ASSIGNMENT -
Beginning at the first line of the data, print each line exactly, stopping after the line that contains "Definition top_p_jordan (p".

• • •

(* Let $p$ be a prime, $G$ a Hausdorff topological group, and suppose $\gamma\in G$ has a topological $p$-Jordan decomposition $\gamma=\gamma_{ts}\gamma_{tu}$. Then: (1) if $\gamma=\gamma'_{ts}\gamma'_{tu}$ is also a topological $p$-Jordan decomposition, then $\gamma_{ts}=\gamma'_{ts}$ and $\gamma_{tu}=\gamma'_{tu}$; (2) the closure of the subgroup generated by $\gamma$ contains $\gamma_{ts}$ and $\gamma_{tu}$; (3) if $G'$ is another Hausdorff topological group and $f:G\to G'$ is a continuous homomorphism, then $f(\gamma)=f(\gamma_{ts})f(\gamma_{tu})$ is a topological $p$-Jordan decomposition; (4) for $g\in G$, $g\gamma g^{-1}=(g\gamma_{ts}g^{-1})(g\gamma_{tu}g^{-1})$ is a topological $p$-Jordan decomposition.
   Context: An element $\gamma$ of a topological group is absolutely $p$-semisimple if it has finite order coprime to $p$, and topologically $p$-unipotent if $\lim_{n\to\infty}\gamma^{p^n}=1$. A topological $p$-Jordan decomposition of $\gamma$ is a pair of commuting elements $(\gamma_{ts},\gamma_{tu})$ with $\gamma=\gamma_{ts}\gamma_{tu}$, $\gamma_{ts}$ absolutely $p$-semisimple and $\gamma_{tu}$ topologically $p$-unipotent. *)

From HB Require Import structures.
From mathcomp Require Import all_boot all_order.
From mathcomp Require Import monoid.
From mathcomp Require Import all_classical topology.
Set Implicit Arguments. Unset Strict Implicit. Unset Printing Implicit Defensive.
Local Open Scope group_scope.
Local Open Scope classical_set_scope.

HB.mixin Record isTopologicalGroup G of Group G & Topological G := {
  mulg_continuous : continuous (fun xy : G * G => xy.1 * xy.2);
  invg_continuous : continuous (fun x : G => x^-1)
}.
#[short(type="topologicalGroupType")]
HB.structure Definition TopologicalGroup :=
  {G of isTopologicalGroup G & Group G & Topological G}.

Definition abs_p_semisimple (p : nat) (G : groupType) (x : G) : Prop :=
  exists n : nat, (0 < n)%N /\ coprime n p /\ x ^+ n = 1.
Definition top_p_unipotent (p : nat) (G : topologicalGroupType) (x : G) : Prop :=
  (fun n : nat => x ^+ (p ^ n)) @ \oo --> (1 : G).
Definition top_p_jordan (p : nat) (G : topologicalGroupType) (g s u : G) : Prop :=
  [/\ g = s * u, commute s u, abs_p_semisimple p s & top_p_unipotent p u].
Definition cyclic_subgroup (G : groupType) (g : G) : set G :=
  [set x | exists n : nat, x = g ^+ n \/ x = (g ^+ n)^-1].

(* Raising the decomposition g = s u to the powers p^(M k), where p^M = 1
   modulo the order n of s (Euler: take M = totient n), fixes s and sends u
   to 1, because s and u commute.  Hence s = lim g^(p^(M k)) and
   u = lim g (g^(p^(M k)))^-1 are determined by g and lie in the closure of
   the cyclic subgroup generated by g.  Continuous homomorphisms preserve
   commutation, finite order and limits, so they preserve the decomposition;
   conjugation is one of them. *)

From HB Require Import structures.
From mathcomp Require Import all_boot all_order.
From mathcomp Require Import monoid.
From mathcomp Require Import all_classical topology.
From mathcomp Require cyclic.
Local Open Scope group_scope.
Local Open Scope classical_set_scope.

Section TopologicalGroupCvg.
Context {G : topologicalGroupType}.

Lemma cvgMg {T : Type} {F : set_system T} {FF : Filter F} {a b : T -> G} {x y : G} :
  a @ F --> x -> b @ F --> y -> (fun t => a t * b t) @ F --> x * y.
Proof.
move=> ax b_y; exact: (@continuous_cvg _ _ _ F FF (fun t => (a t, b t))
  (fun xy : G * G => xy.1 * xy.2) (x, y) (mulg_continuous (x, y)) (cvg_pair ax b_y)).
Qed.

Lemma cvgVg {T : Type} {F : set_system T} {FF : Filter F} {a : T -> G} {x : G} :
  a @ F --> x -> (fun t => (a t)^-1) @ F --> x^-1.
Proof. exact: (@continuous_cvg _ _ _ F FF a (fun x : G => x^-1) x (invg_continuous x)). Qed.

Lemma continuous_conjg_by (h : G) : continuous (fun x : G => h * x * h^-1).
Proof.
move=> x; apply: cvgMg; last exact: cvg_cst.
by apply: cvgMg; [exact: cvg_cst | exact: cvg_id].
Qed.

Lemma cvg_closure {A : set G} {a : nat -> G} {x : G} :
  (forall k, A (a k)) -> a @ \oo --> x -> closure A x.
Proof.
move=> Aa ax; apply: (closed_cvg _ (@closed_closure _ A) _ _ ax).
by apply: nearW => k; apply: subset_closure.
Qed.

End TopologicalGroupCvg.

Lemma expg_eq_mod {G : groupType} (x : G) n a b :
  x ^+ n = 1 -> a = b %[mod n] -> x ^+ a = x ^+ b.
Proof.
move=> xn1 eq_ab; rewrite (divn_eq a n) (divn_eq b n) eq_ab !expgnDr.
by rewrite ![(_ * n)%N]mulnC !expgnA xn1 !expg1n.
Qed.

Lemma abs_p_semisimple_fixed {p : nat} {G : groupType} (s : G) :
  abs_p_semisimple p s -> exists2 M, (0 < M)%N & forall k, s ^+ (p ^ (M * k)) = s.
Proof.
case=> n [n_gt0 [coprime_np sn1]]; exists (totient n); first by rewrite totient_gt0.
move=> k; rewrite -[RHS]expg1; apply: (expg_eq_mod _ _ _ _ sn1).
rewrite expnM -modnXm cyclic.Euler_exp_totient 1?coprime_sym //.
by rewrite modnXm exp1n.
Qed.

Section JordanDecomposition.
Context {p : nat} {G : topologicalGroupType}.

Lemma top_p_jordan_cvg_semisimple {g s u : G} {M : nat} :
  top_p_jordan p g s u -> (0 < M)%N -> (forall k, s ^+ (p ^ (M * k)) = s) ->
  (fun k => g ^+ (p ^ (M * k))) @ \oo --> s.
Proof.
case=> -> su _ u_unip M_gt0 s_fixed.
have -> : (fun k => (s * u) ^+ (p ^ (M * k))) = (fun k => s * u ^+ (p ^ (M * k))).
  by apply: funext => k; rewrite expgMn // s_fixed.
rewrite -[X in _ --> X]mulg1; apply: cvgMg; first exact: cvg_cst.
have M_cvg : (fun k => M * k)%N @ \oo --> \oo by exact: cvg_mulnl.
exact: (cvg_comp _ _ M_cvg u_unip).
Qed.

Lemma top_p_jordan_uniq {g s u s' u' : G} : hausdorff_space G ->
  top_p_jordan p g s u -> top_p_jordan p g s' u' -> s' = s /\ u' = u.
Proof.
move=> hG J J'; have [g_su _ /abs_p_semisimple_fixed[M M_gt0 s_fixed] _] := J.
have [g_su' _ /abs_p_semisimple_fixed[M' M'_gt0 s'_fixed] _] := J'.
have MM'_gt0 : (0 < M * M')%N by rewrite muln_gt0 M_gt0.
have eq_s : s' = s.
  apply: (cvg_unique hG (top_p_jordan_cvg_semisimple J' MM'_gt0 _)
                        (top_p_jordan_cvg_semisimple J MM'_gt0 _)) => k.
    by rewrite (mulnC M) -mulnA s'_fixed.
  by rewrite -mulnA s_fixed.
split=> //; apply: (@mulgI _ s).
by rewrite -g_su -[in LHS]eq_s -g_su'.
Qed.

Lemma top_p_jordan_closure {g s u : G} : top_p_jordan p g s u ->
  closure (cyclic_subgroup g) s /\ closure (cyclic_subgroup g) u.
Proof.
move=> J; have [g_su su /abs_p_semisimple_fixed[M M_gt0 s_fixed] _] := J.
have g_cvg := top_p_jordan_cvg_semisimple J M_gt0 s_fixed.
split; first by apply: cvg_closure g_cvg => k; exists (p ^ (M * k))%N; left.
have u_gs : u = g * s^-1 by rewrite g_su su mulgK.
rewrite u_gs; apply: cvg_closure (cvgMg (cvg_cst g) (cvgVg g_cvg)) => k.
case: (p ^ (M * k))%N => [|N]; first by exists 1%N; left; rewrite expg0 invg1 mulg1.
by exists N; right; rewrite expgSr invgM mulgA mulgV mul1g.
Qed.

End JordanDecomposition.

Lemma top_p_jordan_morph {p : nat} {G G' : topologicalGroupType} {g s u : G} (f : G -> G') :
  {morph f : x y / x * y} -> continuous f ->
  top_p_jordan p g s u -> top_p_jordan p (f g) (f s) (f u).
Proof.
move=> fM f_cont [-> su [n [n_gt0 [coprime_np sn1]]] u_unip].
have f1 : f 1 = 1 by apply: (@mulgI _ (f 1)); rewrite -fM !mulg1.
have fX x k : f (x ^+ k) = f x ^+ k.
  by elim: k => [|k IHk]; rewrite ?f1 // !expgS fM IHk.
split=> //; first by rewrite /commute -!fM su.
  by exists n; rewrite -fX sn1 f1.
rewrite /top_p_unipotent -f1 (_ : (fun k => _) = f \o (fun k => u ^+ (p ^ k))).
  exact: (@continuous_cvg _ _ _ _ _ _ f 1 (f_cont 1) u_unip).
by apply: funext => k; rewrite /= fX.
Qed.

Theorem proposition1p7 (p : nat) (hp : prime p)
  (G : topologicalGroupType) (hG : hausdorff_space G)
  (g s u : G) (J : top_p_jordan p g s u) :
  [/\ (forall s' u' : G, top_p_jordan p g s' u' -> s' = s /\ u' = u),
      closure (cyclic_subgroup g) s /\ closure (cyclic_subgroup g) u,
      (forall (G' : topologicalGroupType) (f : {multiplicative G -> G'}),
         hausdorff_space G' -> continuous f ->
         top_p_jordan p (f g) (f s) (f u)) &
      (forall h : G, top_p_jordan p (h * g * h^-1) (h * s * h^-1) (h * u * h^-1))].
Proof.
split.
- by move=> s' u' J'; apply: top_p_jordan_uniq hG J J'.
- exact: top_p_jordan_closure J.
- move=> G' f _ f_cont; apply: (top_p_jordan_morph f _ f_cont J).
  exact: gmulfM.
- move=> h; apply: (top_p_jordan_morph _ _ (continuous_conjg_by h) J).
  by move=> x y; rewrite !mulgA mulgVK.
Qed.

• • •

SOLVED EXERCISE -
(* Let $p$ be a prime, $G$ a Hausdorff topological group, and suppose $\gamma\in G$ has a topological $p$-Jordan decomposition $\gamma=\gamma_{ts}\gamma_{tu}$. Then: (1) if $\gamma=\gamma'_{ts}\gamma'_{tu}$ is also a topological $p$-Jordan decomposition, then $\gamma_{ts}=\gamma'_{ts}$ and $\gamma_{tu}=\gamma'_{tu}$; (2) the closure of the subgroup generated by $\gamma$ contains $\gamma_{ts}$ and $\gamma_{tu}$; (3) if $G'$ is another Hausdorff topological group and $f:G\to G'$ is a continuous homomorphism, then $f(\gamma)=f(\gamma_{ts})f(\gamma_{tu})$ is a topological $p$-Jordan decomposition; (4) for $g\in G$, $g\gamma g^{-1}=(g\gamma_{ts}g^{-1})(g\gamma_{tu}g^{-1})$ is a topological $p$-Jordan decomposition.
   Context: An element $\gamma$ of a topological group is absolutely $p$-semisimple if it has finite order coprime to $p$, and topologically $p$-unipotent if $\lim_{n\to\infty}\gamma^{p^n}=1$. A topological $p$-Jordan decomposition of $\gamma$ is a pair of commuting elements $(\gamma_{ts},\gamma_{tu})$ with $\gamma=\gamma_{ts}\gamma_{tu}$, $\gamma_{ts}$ absolutely $p$-semisimple and $\gamma_{tu}$ topologically $p$-unipotent. *)

From HB Require Import structures.
From mathcomp Require Import all_boot all_order.
From mathcomp Require Import monoid.
From mathcomp Require Import all_classical topology.
Set Implicit Arguments. Unset Strict Implicit. Unset Printing Implicit Defensive.
Local Open Scope group_scope.
Local Open Scope classical_set_scope.

HB.mixin Record isTopologicalGroup G of Group G & Topological G := {
  mulg_continuous : continuous (fun xy : G * G => xy.1 * xy.2);
  invg_continuous : continuous (fun x : G => x^-1)
}.
#[short(type="topologicalGroupType")]
HB.structure Definition TopologicalGroup :=
  {G of isTopologicalGroup G & Group G & Topological G}.

Definition abs_p_semisimple (p : nat) (G : groupType) (x : G) : Prop :=
  exists n : nat, (0 < n)%N /\ coprime n p /\ x ^+ n = 1.
Definition top_p_unipotent (p : nat) (G : topologicalGroupType) (x : G) : Prop :=
  (fun n : nat => x ^+ (p ^ n)) @ \oo --> (1 : G).
Definition top_p_jordan (p : nat) (G : topologicalGroupType) (g s u : G) : Prop :=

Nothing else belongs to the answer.